In the fetus, untreated maternal hypothyroidism is associated with adverse perinatal outcomes such as low birth weight and intrauterine growth retardation (4, 5, 6) as well as with decreased intelligence quotient (IQ) in childhood (9, 10, 11, 12, 13). The drop in IQ is more pronounced in children of mothers with the highest TSH levels (ten-point drop); however, even milder maternal thyroid dysfunction is associated with a five-point drop in IQ compared with controls (14). Given that 2.2% of pregnant women have an elevated TSH, out of about 4 000 000 pregnancies that occur annually in the US (15) as many as 88 000 infants are at risk for low IQ. Untreated maternal hypothyroidism in those cases would result in 12 320 more infants per year with IQ 85.

Though data from randomized trials are still lacking, observational studies have concluded that treatment of maternal hypothyroidism with thyroid hormone reduces the incidence of gestational hypertension in the mother (6) and improves IQ in the child (9, 10). Additionally, diagnosing and treating women with undiagnosed hypothyroidism could improve quality of life in both patients and their children.
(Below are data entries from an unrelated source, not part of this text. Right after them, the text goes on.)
(* (i) For every $\gamma > 1$ there exists a deviation FRLP instance such that $$\gamma \cdot \max_{x \in \bar{X}} \sum_{q \in Q} v^{\mathrm{agg}}_q(x) \le \max_{x \in \bar{X}} \sum_{q \in Q} v^{\mathrm{disagg}}_q(x).$$ (ii) For every $\gamma > 1$ there exists a deviation FRLP instance such that $$\gamma \cdot \max_{x \in \bar{X}} \sum_{q \in Q} v^{\mathrm{tight}}_q(x) \le \max_{x \in \bar{X}} \sum_{q \in Q} v^{\mathrm{agg}}_q(x).$$
   Context: A deviation FRLP instance consists of: a finite undirected graph $G=(N,A)$ with edge lengths $\ell_e>0$; a travel range $d>0$ with $\ell_e \le d$ for every edge; a finite set $Q$ of demands, each $q \in Q$ with a flow volume $f_q \ge 0$ and a finite nonempty set $R_q$ of paths; and a polytope $\bar{X} \subseteq [0,1]^{|N|}$ (the LP relaxation of the set of feasible station placements). A path is a sequence $r=(v_0,\dots,v_m)$, $m\ge 1$, of nodes with consecutive nodes joined by an edge (nodes may repeat). For $x \in \{0,1\}^N$ ($x_j=1$ meaning a charging station at node $j$), $r$ is repeatedly traversable under $x$ if, letting $W=(v_0,\dots,v_m,v_{m-1},\dots,v_0)$ be the round trip along $r$, at least one node of $r$ has $x_j=1$ and, in the infinite periodic repetition of $W$, the distance travelled between any two consecutive visits to nodes with a station is at most $d$. For each $q$ and $r \in R_q$, $\mathcal{D}_{q,r}\subseteq 2^N$ is a family of node sets such that for every $x \in \{0,1\}^N$: $r$ is repeatedly traversable under $x$ iff $\sum_{j\in S} x_j \ge 1$ for all $S \in \mathcal{D}_{q,r}$. Let $\mathcal{C}_q = \{ \bigcup_{r \in R_q} S_r : S_r \in \mathcal{D}_{q,r} \text{ for each } r\}$. For $x \in [0,1]^{|N|}$: $v^{\mathrm{disagg}}_q(x) = \max\{ \sum_{r \in R_q} f_q z_r : z \in [0,1]^{|R_q|},\ \sum_{r} z_r \le 1,\ \sum_{j \in S} x_j \ge z_r \ \forall r \in R_q, S \in \mathcal{D}_{q,r}\}$; $v^{\mathrm{agg}}_q(x) = \max\{ f_q y : y \in [0,1],\ \sum_{j \in S} x_j \ge y \ \forall S \in \mathcal{C}_q\}$; $K_q$ is the set of concave functions $v$ on $[0,1]^{|N|}$ agreeing with $v^{\mathrm{agg}}_q$ on $\{0,1\}^{|N|}$, and $v^{\mathrm{tight}}_q(x) = \inf_{v \in K_q} v(x)$. *)

From HB Require Import structures.
From mathcomp Require Import all_boot all_order all_algebra.
From mathcomp Require Import boolp classical_sets reals.
Unset Printing Implicit Defensive.
Import Order.TTheory GRing.Theory Num.Theory.
Local Open Scope classical_set_scope.
Local Open Scope ring_scope.
Lemma rec_odd k n :
  'X * P n.+1 (n + k) = P n.+1 (n + k).+1 + beta k (2 * n + k).+1 *: P n.+1 (n + k)
    + gamma k (2 * n + k).+1 *: P n (n + k)
    + delta k (2 * n + k).+1 *: pstep P k ((2 * n + k)%N%:Z - 1).
Proof.
have := pstep_rec (leqW (leq_addl (2 * n) k)).
rewrite pstep_odd pstep_sub1 pstep_even pstep_sub2.
have -> : (2 * n + k).+2 = (2 * n.+1 + k)%N by lia.
by rewrite pstep_even addSn.
Qed.

(* Against x^(n+k) dmu2 only the delta term of the recurrence survives, while the left side
   is the nonzero moment of P_(n+1,n+k+1). *)
Lemma delta_odd_neq0 k n : delta k.+1 (2 * n + k).+2 != 0.
Proof.
apply/eqP => delta0; have := rec_odd k.+1 n.
rewrite !addnS delta0 scale0r addr0 => /(congr1 (moment mu2 (n + k))).
rewrite momentXl !momentD // !momentZ //.
rewrite !(moment2_P normalP (j := n + k)) ?mulr0 ?addr0; try lia.
by move/eqP; rewrite (negbTE (moment2_P_neq0 mu1_moments mu2_moments normalP _ _)).
Qed.

Lemma gamma_diag_neq0 k : gamma k.+1 k.+1 != 0.
Proof.
apply/eqP => gamma0; have := rec_even k.+1 0.
rewrite muln0 !add0n pstep_sub1 pstep_start pstep_sub2 pstep_eq0 ?scaler0 ?addr0; last by lia.
rewrite gamma0 scale0r addr0 => /(congr1 (moment mu2 k)).
rewrite momentXl momentD // momentZ // !(moment2_P normalP (j := k)) ?mulr0 ?addr0 //.
by move/eqP; rewrite (negbTE (moment2_P_neq0 mu1_moments mu2_moments normalP _ _)).
Qed.
(* Let $\mathcal{H}$ be a projection-closed class of graphs. Then one of the following holds: (i) $\mathcal{H}$ contains $K_t$ for every $t\ge 1$; (ii) $\mathcal{H}$ contains $K_{t,t,t}$ for every $t\ge 1$; (iii) there is a $\mu\ge 0$ such that every $H\in\mathcal{H}$ has distance at most $\mu$ to extended bicliques.
   Context: A graph $H'$ is a projection of $H$ if $H'$ can be obtained from $H$ by a sequence of vertex deletions and identifications of two nonadjacent vertices; a class of graphs (closed under isomorphism) is projection-closed if it contains every projection of each of its members. $K_{t,t,t}$ is the complete tripartite graph with three parts of size $t$. An extended biclique is a complete bipartite graph together with a set of isolated vertices; the distance of $H$ to extended bicliques is the minimum number of vertices to delete from $H$ to obtain an extended biclique. *)

From mathcomp Require Import all_boot.
From Stdlib Require Relation_Operators.
Set Implicit Arguments. Unset Strict Implicit. Unset Printing Implicit Defensive.

Record sgraph : Type := SGraph {
  vert : finType;
  adj : rel vert;
  adj_sym : symmetric adj;
  adj_irr : irreflexive adj }.
Arguments adj : clear implicits.
Lemma norm_mulmx_simplexB_le_diam p q : simplex n p -> simplex n q ->
  N (A *m p - A *m q) <= diam N A.
Proof.
move=> [p0 p1] [q0 q1].
have -> : A *m p - A *m q = \sum_j \sum_k (p j 0 * q k 0) *: (col j A - col k A).
  transitivity (\sum_j \sum_k (p j 0 * q k 0) *: col j A
                 - \sum_j \sum_k (p j 0 * q k 0) *: col k A); last first.
    by rewrite -sumrB; apply: eq_bigr => j _; rewrite -sumrB; apply: eq_bigr => k _; rewrite scalerBr.
  rewrite [X in _ = _ - X]exchange_big /= !mulmx_sum_col; congr (_ - _); apply: eq_bigr => j _.
    by rewrite -scaler_suml -mulr_sumr q1 mulr1.
  by rewrite -scaler_suml -mulr_suml p1 mul1r.
apply: le_trans (is_norm_sum _ _ _) _.
apply: (@le_trans _ _ (\sum_j \sum_k p j 0 * q k 0 * diam N A)).
  apply: ler_sum => j _; apply: le_trans (is_norm_sum _ _ _) _.
  apply: ler_sum => k _; rewrite is_normZ ger0_norm ?mulr_ge0 //.
  by apply: ler_wpM2l; [rewrite mulr_ge0 | exact: norm_colB_le_diam].
under eq_bigr do rewrite -mulr_suml -mulr_sumr q1 mulr1.
by rewrite -mulr_suml p1 mul1r.
Qed.

Lemma norm_mulmx_zero_sum_le d : \sum_i d i 0 = 0 -> N (A *m d) <= l1 d * diam N A / 2.
Proof.
move=> d_sum0; have [->|d_neq0] := eqVneq d 0.
  by rewrite mulmx0 is_norm0 divr_ge0 ?mulr_ge0 ?l1_ge0 ?diam_ge0.
have [lam [p [q [lam_gt0 sp sq _ [-> ->]]]]] := zero_sum_decomp d_sum0 d_neq0.
rewrite -scalemxAr is_normZ mulmxBr gtr0_norm // (_ : 2 * lam * _ / 2 = lam * diam N A); last by field.
by apply: ler_wpM2l; [exact: ltW | exact: norm_mulmx_simplexB_le_diam].
Qed.

End Norm.

Section RowTopology.
Variables (R : realType) (n : nat).
Implicit Types (r : 'rV[R]_n).

Lemma lipschitz_continuous (f : 'rV[R]_n -> R) (C : R) :
  (forall a b, `|f a - f b| <= C * `|a - b|) -> continuous f.
Proof.
move=> f_lip x B /= /(nbhs_ballP (f x)) [e /= e_gt0 eB].
have C1_gt0 : 0 < `|C| + 1 by rewrite ltr_wpDl.
apply/nbhs_ballP; exists (e / (`|C| + 1)); first by rewrite /= divr_gt0.
move=> y; rewrite -!ball_normE /= => xy; apply: eB; rewrite -ball_normE /=.
apply: le_lt_trans (f_lip _ _) _.
apply: (@le_lt_trans _ _ ((`|C| + 1) * `|x - y|)).
  by apply: ler_wpM2r => //; rewrite (le_trans (ler_norm C)) // lerDl.
by rewrite mulrC -ltr_pdivlMr.
Qed.

Lemma row_coord_le_norm r i : `|r 0 i| <= `|r|.
Proof. by rewrite [leRHS]/Num.norm /= mx_normrE; apply/bigmax_geP; right; exists (0, i). Qed.

Lemma continuous_row_dot (c : 'I_n -> R) : continuous (fun r => \sum_i c i * r 0 i).
Proof.
apply: (@lipschitz_continuous _ (\sum_i `|c i|)) => a b.
rewrite -sumrB mulr_suml; apply: le_trans (ler_norm_sum _ _ _) _.
apply: ler_sum => i _; rewrite -mulrBr normrM ler_wpM2l //.
by rewrite (_ : a 0 i - b 0 i = (a - b) 0 i) ?row_coord_le_norm // !mxE.
Qed.

Lemma closed_row_dot_eq (c : 'I_n -> R) b : closed [set r : 'rV[R]_n | \sum_i c i * r 0 i = b].
Proof.
apply: (@preimage_closed _ _ (fun r => \sum_i c i * r 0 i) [set x | x = b]).
  by move=> r _; apply: continuous_row_dot.
exact: closed_eq.
Qed.

Lemma closed_row_coord_ge0 i : closed [set r : 'rV[R]_n | 0 <= r 0 i].
Proof.
apply: (@preimage_closed _ _ (fun r => r 0 i) [set x | 0 <= x]); last exact: closed_ge.
by move=> r _; apply: coord_continuous.
Qed.
Lemma Kant_par_le (B : A -> Prop) (dd dd' : term A -> term A -> R) p1 p2 r1 r2 :
  unit_valued dd -> unit_valued dd' ->
  (forall x1 x2 y1 y2, dd' (Par B x1 x2) (Par B y1 y2) <= prob_or (dd x1 y1) (dd x2 y2)) ->
  fin_dist p1 -> fin_dist p2 -> fin_dist r1 -> fin_dist r2 ->
  Kant dd' (par_dist B p1 p2) (par_dist B r1 r2) <= prob_or (Kant dd p1 r1) (Kant dd p2 r2).
Proof.
  intros Hu Hu' Hdd' Hp1 Hp2 Hr1 Hr2.
  assert (Hp : fin_dist (par_dist B p1 p2)) by (apply fin_dist_par; auto).
  assert (Hr : fin_dist (par_dist B r1 r2)) by (apply fin_dist_par; auto).
  apply Rinf1_le_prob_or.
  - intros c [w [Hw ->]]. apply (cost_range dd Hu p1 r1); auto.
  - intros c [w [Hw ->]]. apply (cost_range dd Hu p2 r2); auto.
  - intros c [w [Hw ->]]. apply (cost_range dd' Hu' _ _ _ Hp Hr Hw).
  - intros c1 c2 [w1 [Hw1 ->]] [w2 [Hw2 ->]].
    exists (cost dd' (prod_coupling B w1 w2)). split.
    + exists (prod_coupling B w1 w2). split; [apply prod_coupling_coupling|]; auto.
    + apply cost_prod_coupling_le; auto.
      * apply Hw1.
      * apply Hw2.
      * apply (coupling_weight_le1 p1 r1); auto.
      * apply (coupling_weight_le1 p2 r2); auto.
      * apply (cost_range dd Hu p1 r1); auto.
      * apply (cost_range dd Hu p2 r2); auto.
Qed.

Definition par_cap (dd : term A -> term A -> R) (u u' : term A) : R :=
  match u, u' with
  | Par B1 u1 u2, Par B2 v1 v2 =>
      if excluded_middle_informative (B1 = (fun _ => True) /\ B2 = (fun _ => True))
      then prob_or (dd u1 v1) (dd u2 v2) else 1
  | _, _ => 1
  end.

(** [d_par] is a prefixed point of the bisimulation functional, hence above [d];
    on pairs of full parallel compositions it is at most [prob_or] of the
    componentwise distances. *)
Definition d_par (u u' : term A) : R := Rmin (d u u') (par_cap d u u').

Lemma d_par_Par x1 x2 y1 y2 :
  d_par (Par (fun _ => True) x1 x2) (Par (fun _ => True) y1 y2) <= prob_or (d x1 y1) (d x2 y2).
Proof.
  unfold d_par. eapply Rle_trans; [apply Rmin_r|]. cbn.
  destruct (excluded_middle_informative _) as [_|H]; [lra|]. tauto.
Qed.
These data make it imperative to consider screening pregnant women. There have been two cost-effectiveness analyses of screening the general population for thyroid disease, in adults over 35 (16) and 60 years old (17); both found screening to be cost-effective. The US Preventive Services Task Force recently concluded that population-wide screening for subclinical thyroid dysfunction in adults is unwarranted, but excluded pregnant women from their analysis (18). An expert panel on subclinical thyroid disease also recommended against population-wide screening, but found the evidence insufficient to recommend for or against routine screening in pregnant women, and instead recommended aggressive case finding (19). The American College of Obstetrics and Gynecology has a similar position (20). On the other hand, both the American Association of Clinical Endocrinologists (AACE) independently and a consensus panel with representatives from the American Thyroid Association, AACE, and the Endocrine Society have endorsed routine thyroid screening before or during pregnancy (21, 22). Finally, the recent Endocrine Society clinical practice guidelines for the management of thyroid dysfunction during pregnancy support targeted thyroid disease case-screening instead (23). Despite the lack of consensus among professional organizations, a recent study examining current practice in Maine has found that routine TSH testing is performed in 48% of all prenatal care practices and 76% of urban obstetric practices (24).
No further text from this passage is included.